Stored items
(* Let $\mathbf p$ be an arbitrary pure strategy profile, with associated numbers $(u_i,v_i)_{i\in[m]}$. Let $i^*\in\arg\min_{i\in[m]}\{u_i+v_i\bar q\}$, and for $i\neq j$ let $x_{ij}\in\{0,1\}$ equal $1$ if and only if at least one user selects IP $(s_i,s_j,d)$. Then $\mathbf p$ is a Nash equilibrium if and only if both of the following hold: (i) for all $i\in[m]$ with $u_i>0$: $\bar q(u_i+v_i\bar q)\le u_{i^*}+v_{i^*}\bar q+\bar q+\frac{q\mu}{\phi}$; (ii) for all $i,l\in[m]$ with $x_{il}=1$: $u_l+v_l\bar q\le \min\left\{\bar q(u_i+1+v_i\bar q)-\frac{q\mu}{\phi},\ u_{i^*}+v_{i^*}\bar q+\bar q\right\}$.
   Context: Network model: there are $m\ge 2$ source nodes $s_1,\dots,s_m$ and one destination $d$. Source $s_i$ has a set $N_i$ of $n_i$ users. Each user generates an independent Poisson flow of packets of rate $\phi>0$; each direct link $(s_i,d)$ has service rate $\mu>0$; each sidelink $(s_i,s_j)$ loses packets independently with probability $q\in[0,1]$, and $\bar q=1-q$. Only pure strategies are considered: a user in $N_i$ chooses either the direct path (DP) $(s_i,d)$ or an indirect path (IP) $(s_i,s_j,d)$ for some $j\neq i$. For a pure profile $\mathbf p$, $u_i$ is the number of users of $N_i$ choosing DP and $v_i$ is the number of users of other sources choosing an IP $(s_j,s_i,d)$, $j\neq i$; $T_i=u_i\phi+v_i\bar q\phi$. The loss rate of a user $k\in N_i$ is $LR_k=\phi\frac{T_i}{T_i+\mu}$ if it uses DP, and $LR_k=\phi\left(q+\bar q\frac{T_j}{T_j+\mu}\right)$ if it uses IP $(s_i,s_j,d)$ (here $T_i,T_j$ include the user's own traffic). A Nash equilibrium is a pure profile in which no user can strictly decrease its loss rate by unilaterally switching to another route, all other users' routes being fixed. *)

From mathcomp Require Import all_boot all_order all_algebra.
Set Implicit Arguments. Unset Strict Implicit. Unset Printing Implicit Defensive.
Import Order.TTheory GRing.Theory Num.Theory.
Local Open Scope ring_scope.

(* Users form a finite type U; [src k] is the source node
   of user k, so N_i = [set k | src k == i].
   A pure profile assigns to each user k a "relay node" p k : 'I_m:
     p k = src k       means k uses the direct path (s_i, d);
     p k = j <> src k  means k uses the indirect path (s_i, s_j, d). *)

Section Model.
Variables (R : realFieldType) (m : nat) (U : finType) (src : U -> 'I_m).

Definition profile := U -> 'I_m.

Definition unum (p : profile) (i : 'I_m) : nat :=
  #|[set k : U | (src k == i) && (p k == i)]|.

Definition vnum (p : profile) (i : 'I_m) : nat :=
  #|[set k : U | (src k != i) && (p k == i)]|.

Variables (phi mu q : R).
Definition qbar := 1 - q.

Definition traffic (p : profile) (i : 'I_m) : R :=
  (unum p i)%:R * phi + (vnum p i)%:R * qbar * phi.

Definition loss_rate (p : profile) (k : U) : R :=
  let j := p k in
  if j == src k then phi * (traffic p j / (traffic p j + mu))
  else phi * (q + qbar * (traffic p j / (traffic p j + mu))).

Definition deviate (p : profile) (k : U) (r : 'I_m) : profile :=
  fun k' => if k' == k then r else p k'.

Definition nash_eq (p : profile) : Prop :=
  forall (k : U) (r : 'I_m), loss_rate p k <= loss_rate (deviate p k r) k.

Definition wload (p : profile) (i : 'I_m) : R :=
  (unum p i)%:R + (vnum p i)%:R * qbar.

Definition xsel (p : profile) (i l : 'I_m) : bool :=
  (i != l) && [exists k : U, (src k == i) && (p k == l)].

End Model.

From mathcomp Require Import all_boot all_order all_algebra.
From mathcomp Require Import ring lra zify.
Import Order.TTheory GRing.Theory Num.Theory.
Set Implicit Arguments. Unset Strict Implicit. Unset Printing Implicit Defensive.
Local Open Scope ring_scope.

(* Write W_j = u_j + v_j qbar.  A user whose traffic goes through node j loses
   phi - phi mu g / (phi W_j + mu), with g = 1 on the direct path and g = qbar
   on an indirect one, and switching to node r adds g to W_r.  Clearing
   denominators turns every unilateral deviation into a linear inequality
   between loads.  For a direct user the most attractive alternative is the
   least loaded node istar, which gives (i); an indirect user must prefer
   neither returning to its direct path (first term of the min in (ii)) nor
   the least loaded relay (second term). *)

Section LoadInequalities.
Variables (R : realFieldType) (m : nat) (phi mu q : R).
Hypotheses (phi_gt0 : 0 < phi) (mu_ge0 : 0 <= mu) (q_ge0 : 0 <= q) (q_le1 : q <= 1).
Variables (W : 'I_m -> R) (istar : 'I_m).
Hypotheses (W_ge0 : forall j, 0 <= W j) (W_min : forall j, W istar <= W j).

Lemma qbar_ge0 : 0 <= qbar q. Proof. by rewrite subr_ge0. Qed.

Lemma qbar_le1 : qbar q <= 1. Proof. by rewrite lerBlDr lerDl. Qed.

Lemma sidelink_cost_ge0 : 0 <= q * mu / phi.
Proof. by rewrite divr_ge0 ?mulr_ge0 // ltW. Qed.

Lemma mulr_sidelink_cost : phi * (q * mu / phi) = q * mu.
Proof. by rewrite mulrCA divff ?mulr1 // gt_eqF. Qed.

Lemma direct_deviation_le j r :
  (qbar q * (phi * W j + mu) <= phi * (W r + qbar q) + mu)
  = (qbar q * W j <= W r + qbar q + q * mu / phi).
Proof.
rewrite -[in RHS](ler_pM2l phi_gt0) /qbar.
have := mulr_sidelink_cost; set c := q * mu / phi => cost.
by apply/idP/idP => ?; lra.
Qed.

Lemma return_deviation_le i l :
  (phi * W l + mu <= qbar q * (phi * (W i + 1) + mu))
  = (W l <= qbar q * (W i + 1) - q * mu / phi).
Proof.
rewrite -[in RHS](ler_pM2l phi_gt0) /qbar.
have := mulr_sidelink_cost; set c := q * mu / phi => cost.
by apply/idP/idP => ?; lra.
Qed.

Lemma relay_deviation_le l r :
  (qbar q * (phi * W l + mu) <= qbar q * (phi * (W r + qbar q) + mu))
  = (qbar q == 0) || (W l <= W r + qbar q).
Proof.
have [->|qbar_neq0] := eqVneq (qbar q) 0; first by rewrite !mul0r lexx.
by rewrite ler_pM2l ?lt_def ?qbar_neq0 ?qbar_ge0 // lerD2r ler_pM2l.
Qed.

Lemma direct_route_stable j :
  (forall r, r != j -> qbar q * (phi * W j + mu) <= phi * (W r + qbar q) + mu)
  <-> qbar q * W j <= W istar + qbar q + q * mu / phi.
Proof.
split=> [stable | le_star r _].
- have [<-|star_neq_j] := eqVneq istar j; last by rewrite -direct_deviation_le stable.
  have := qbar_ge0; have := sidelink_cost_ge0; have := ler_piMl (W_ge0 istar) qbar_le1; lra.
- by rewrite direct_deviation_le; have := W_min r; lra.
Qed.

Lemma indirect_route_stable i l : i != l ->
  (forall r, r != l ->
     (if r == i then 1 else qbar q) * (phi * W l + mu)
     <= qbar q * (phi * (W r + (if r == i then 1 else qbar q)) + mu))
  <-> W l <= Num.min (qbar q * (W i + 1) - q * mu / phi) (W istar + qbar q).
Proof.
move=> i_neq_l; rewrite le_min; split=> [stable | /andP [le_return le_star] r r_neq_l].
- have le_return : W l <= qbar q * (W i + 1) - q * mu / phi.
    by rewrite -return_deviation_le -[_ + mu]mul1r; have := stable i i_neq_l; rewrite eqxx.
  rewrite le_return /=.
  have [<-|star_neq_l] := eqVneq istar l; first by rewrite lerDl qbar_ge0.
  have [star_eq_i|star_neq_i] := eqVneq istar i.
    move: le_return; rewrite -star_eq_i.
    have := sidelink_cost_ge0; have := ler_piMl (W_ge0 istar) qbar_le1; lra.
  have := stable istar star_neq_l; rewrite (negbTE star_neq_i) relay_deviation_le.
  case/orP=> [/eqP qbar0|//]; move: le_return; rewrite qbar0.
  have := sidelink_cost_ge0; have := W_ge0 istar; lra.
- have [->|r_neq_i] := eqVneq r i; first by rewrite mul1r return_deviation_le.
  by rewrite relay_deviation_le; apply/orP; right; have := W_min r; lra.
Qed.
End LoadInequalities.

Section Deviation.
Variables (R : realFieldType) (m : nat) (U : finType) (src : U -> 'I_m).
Variables (phi mu q : R).
Hypotheses (phi_gt0 : 0 < phi) (mu_gt0 : 0 < mu) (q_ge0 : 0 <= q) (q_le1 : q <= 1).
Implicit Types (p : profile m U) (k : U) (i j r : 'I_m).

(* Only the fraction qbar of a user's traffic survives the sidelink. *)
Definition load_share k r : R := if r == src k then 1 else qbar q.

Lemma deviate_self p k r : deviate p k r k = r.
Proof. by rewrite /deviate eqxx. Qed.

Lemma card_deviate (P : U -> 'I_m -> bool) p k r :
  (#|[set k' | P k' (deviate p k r k')]| + P k (p k)
   = #|[set k' | P k' (p k')]| + P k r)%N.
Proof.
rewrite (cardsD1 k [set k' | P k' (deviate p k r k')]) (cardsD1 k [set k' | P k' (p k')]).
have -> : [set k' | P k' (deviate p k r k')] :\ k = [set k' | P k' (p k')] :\ k.
  by apply/setP => x; rewrite !inE /deviate; case: eqP.
rewrite !inE deviate_self; lia.
Qed.

Lemma wload_deviate p k r j :
  wload src q (deviate p k r) j
  = wload src q p j + ((r == j)%:R - (p k == j)%:R) * load_share k j.
Proof.
move: (card_deviate (fun k' x => (src k' == j) && (x == j)) p k r).
move: (card_deviate (fun k' x => (src k' != j) && (x == j)) p k r).
move=> /(congr1 (fun n => n%:R : R)) + /(congr1 (fun n => n%:R : R)).
rewrite !natrD /wload /unum /vnum => /(canRL (addrK _)) -> /(canRL (addrK _)) ->.
rewrite /load_share [j == _]eq_sym.
by case: (src k == j) (r == j) (p k == j) => [] [] [] /=; ring.
Qed.

Lemma wload_ge0 p j : 0 <= wload src q p j.
Proof. by rewrite addr_ge0 ?mulr_ge0 // subr_ge0. Qed.

Lemma loss_rateE p k : loss_rate src phi mu q p k =
  phi - phi * mu * load_share k (p k) / (phi * wload src q p (p k) + mu).
Proof.
have load_gt0 : 0 < phi * wload src q p (p k) + mu.
  by rewrite ltr_wpDl // mulr_ge0 ?wload_ge0 // ltW.
have traffic_wload : traffic src phi q p (p k) = phi * wload src q p (p k).
  by rewrite /traffic /wload; ring.
rewrite /loss_rate /= traffic_wload /load_share /qbar.
by case: ifP => _; field; rewrite gt_eqF.
Qed.

Lemma load_share_ge0 k r : 0 <= load_share k r.
Proof. by rewrite /load_share; case: ifP; rewrite ?subr_ge0. Qed.

Lemma ler_loss_ratio g g' a b : 0 <= a -> 0 <= b ->
  (phi - phi * mu * g / (a + mu) <= phi - phi * mu * g' / (b + mu))
  = (g' * (a + mu) <= g * (b + mu)).
Proof.
move=> a_ge0 b_ge0.
have a_mu_gt0 : 0 < a + mu by rewrite ltr_wpDl.
have b_mu_gt0 : 0 < b + mu by rewrite ltr_wpDl.
rewrite lerD2l lerN2 -!mulrA !ler_pM2l // ler_pdivrMr // mulrAC ler_pdivlMr //.
Qed.

Definition best_response p k : Prop :=
  forall r, r != p k ->
    load_share k r * (phi * wload src q p (p k) + mu)
    <= load_share k (p k) * (phi * (wload src q p r + load_share k r) + mu).

Lemma nash_eqP p : nash_eq src phi mu q p <-> forall k, best_response p k.
Proof.
have loss_deviate k r : loss_rate src phi mu q (deviate p k r) k
    = phi - phi * mu * load_share k r
            / (phi * (wload src q p r + (r != p k)%:R * load_share k r) + mu).
  rewrite loss_rateE deviate_self wload_deviate eqxx [p k == r]eq_sym.
  by case: (r == p k); rewrite /= ?subrr ?subr0.
have phi_wload_ge0 r : 0 <= phi * wload src q p r.
  by rewrite mulr_ge0 ?(ltW phi_gt0) ?wload_ge0.
have phi_load_ge0 k r : 0 <= phi * (wload src q p r + load_share k r).
  by rewrite mulr_ge0 ?(ltW phi_gt0) // addr_ge0 ?wload_ge0 ?load_share_ge0.
split=> [nash k r r_neq | best k r].
  by move: (nash k r); rewrite loss_rateE loss_deviate r_neq mul1r ler_loss_ratio.
have [->|r_neq] := eqVneq r (p k).
  by rewrite loss_deviate eqxx mul0r addr0 -loss_rateE.
by rewrite loss_rateE loss_deviate r_neq mul1r ler_loss_ratio ?best.
Qed.

Lemma unum_gt0P p i : reflect (exists2 k, src k = i & p k = i) (0 < unum src p i)%N.
Proof.
rewrite /unum card_gt0; apply: (iffP (set0Pn _)) => [[k] | [k ski pki]].
  by rewrite inE => /andP [/eqP ski /eqP pki]; exists k.
by exists k; rewrite inE ski pki !eqxx.
Qed.

Lemma xselP p i l : reflect (exists k, [/\ src k = i, p k = l & i != l]) (xsel src p i l).
Proof.
apply: (iffP andP) => [[i_neq_l /existsP [k /andP [/eqP ski /eqP pkl]]] | [k [ski pkl ?]]].
  by exists k.
by split=> //; apply/existsP; exists k; rewrite ski pkl !eqxx.
Qed.

Section Equilibrium.
Variables (p : profile m U) (istar : 'I_m).
Hypothesis wload_min : forall i, wload src q p istar <= wload src q p i.

Lemma best_response_direct k : p k = src k ->
  best_response p k <->
  qbar q * wload src q p (src k) <= wload src q p istar + qbar q + q * mu / phi.
Proof.
move=> pk_src.
apply: iff_trans
  (direct_route_stable phi_gt0 (ltW mu_gt0) q_ge0 q_le1 (wload_ge0 p) wload_min _).
rewrite /best_response pk_src /load_share eqxx.
by split=> stable r r_neq; move: (stable r r_neq); rewrite (negbTE r_neq) mul1r.
Qed.

Lemma best_response_indirect k : p k != src k ->
  best_response p k <->
  wload src q p (p k)
  <= Num.min (qbar q * (wload src q p (src k) + 1) - q * mu / phi)
             (wload src q p istar + qbar q).
Proof.
move=> pk_neq; have src_neq : src k != p k by rewrite eq_sym.
apply: iff_trans
  (indirect_route_stable phi_gt0 (ltW mu_gt0) q_ge0 q_le1 (wload_ge0 p) wload_min src_neq).
by rewrite /best_response /load_share (negbTE pk_neq).
Qed.
End Equilibrium.
End Deviation.

Theorem theorem2 (R : realFieldType) (m : nat) (U : finType) (src : U -> 'I_m)
    (phi mu q : R) (p : profile m U) (istar : 'I_m) :
  (2 <= m)%N -> 0 < phi -> 0 < mu -> 0 <= q -> q <= 1 ->
  (forall i : 'I_m, wload src q p istar <= wload src q p i) ->
  nash_eq src phi mu q p <->
  ((forall i : 'I_m, (0 < unum src p i)%N ->
      qbar q * wload src q p i
        <= wload src q p istar + qbar q + q * mu / phi) /\
   (forall i l : 'I_m, xsel src p i l ->
      wload src q p l
        <= Num.min (qbar q * ((unum src p i)%:R + 1 + (vnum src p i)%:R * qbar q)
                      - q * mu / phi)
                   (wload src q p istar + qbar q))).
Proof.
move=> _ phi_gt0 mu_gt0 q_ge0 q_le1 wload_min.
have wload_succ i : (unum src p i)%:R + 1 + (vnum src p i)%:R * qbar q = wload src q p i + 1.
  by rewrite addrAC.
have direct := best_response_direct phi_gt0 mu_gt0 q_ge0 q_le1 wload_min.
have indirect := best_response_indirect phi_gt0 mu_gt0 q_ge0 q_le1 wload_min.
rewrite nash_eqP //; split=> [best | [stable_direct stable_indirect] k].
  split=> [i /unum_gt0P [k <- pk_src] | i l /xselP [k [<- <- pk_neq]]].
    exact/direct/best.
  by rewrite wload_succ; apply/indirect/best; rewrite eq_sym.
have [pk_src|pk_neq] := eqVneq (p k) (src k).
  by apply/direct/stable_direct/unum_gt0P => //; exists k.
apply/indirect => //; rewrite -wload_succ; apply: stable_indirect.
by apply/xselP; exists k; rewrite eq_sym.
Qed.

▶ [YOUR ASSIGNMENT] Looking at the data above, write out exactly the lines that start at the one containing "(direct_route_stable phi_gt0 (ltW" and end at the one containing "<= Num.min (qbar q * (wload"; include both and nothing beyond.

▶ [EXERCISE RESULT]
  (direct_route_stable phi_gt0 (ltW mu_gt0) q_ge0 q_le1 (wload_ge0 p) wload_min _).
rewrite /best_response pk_src /load_share eqxx.
by split=> stable r r_neq; move: (stable r r_neq); rewrite (negbTE r_neq) mul1r.
Qed.

Lemma best_response_indirect k : p k != src k ->
  best_response p k <->
  wload src q p (p k)
  <= Num.min (qbar q * (wload src q p (src k) + 1) - q * mu / phi)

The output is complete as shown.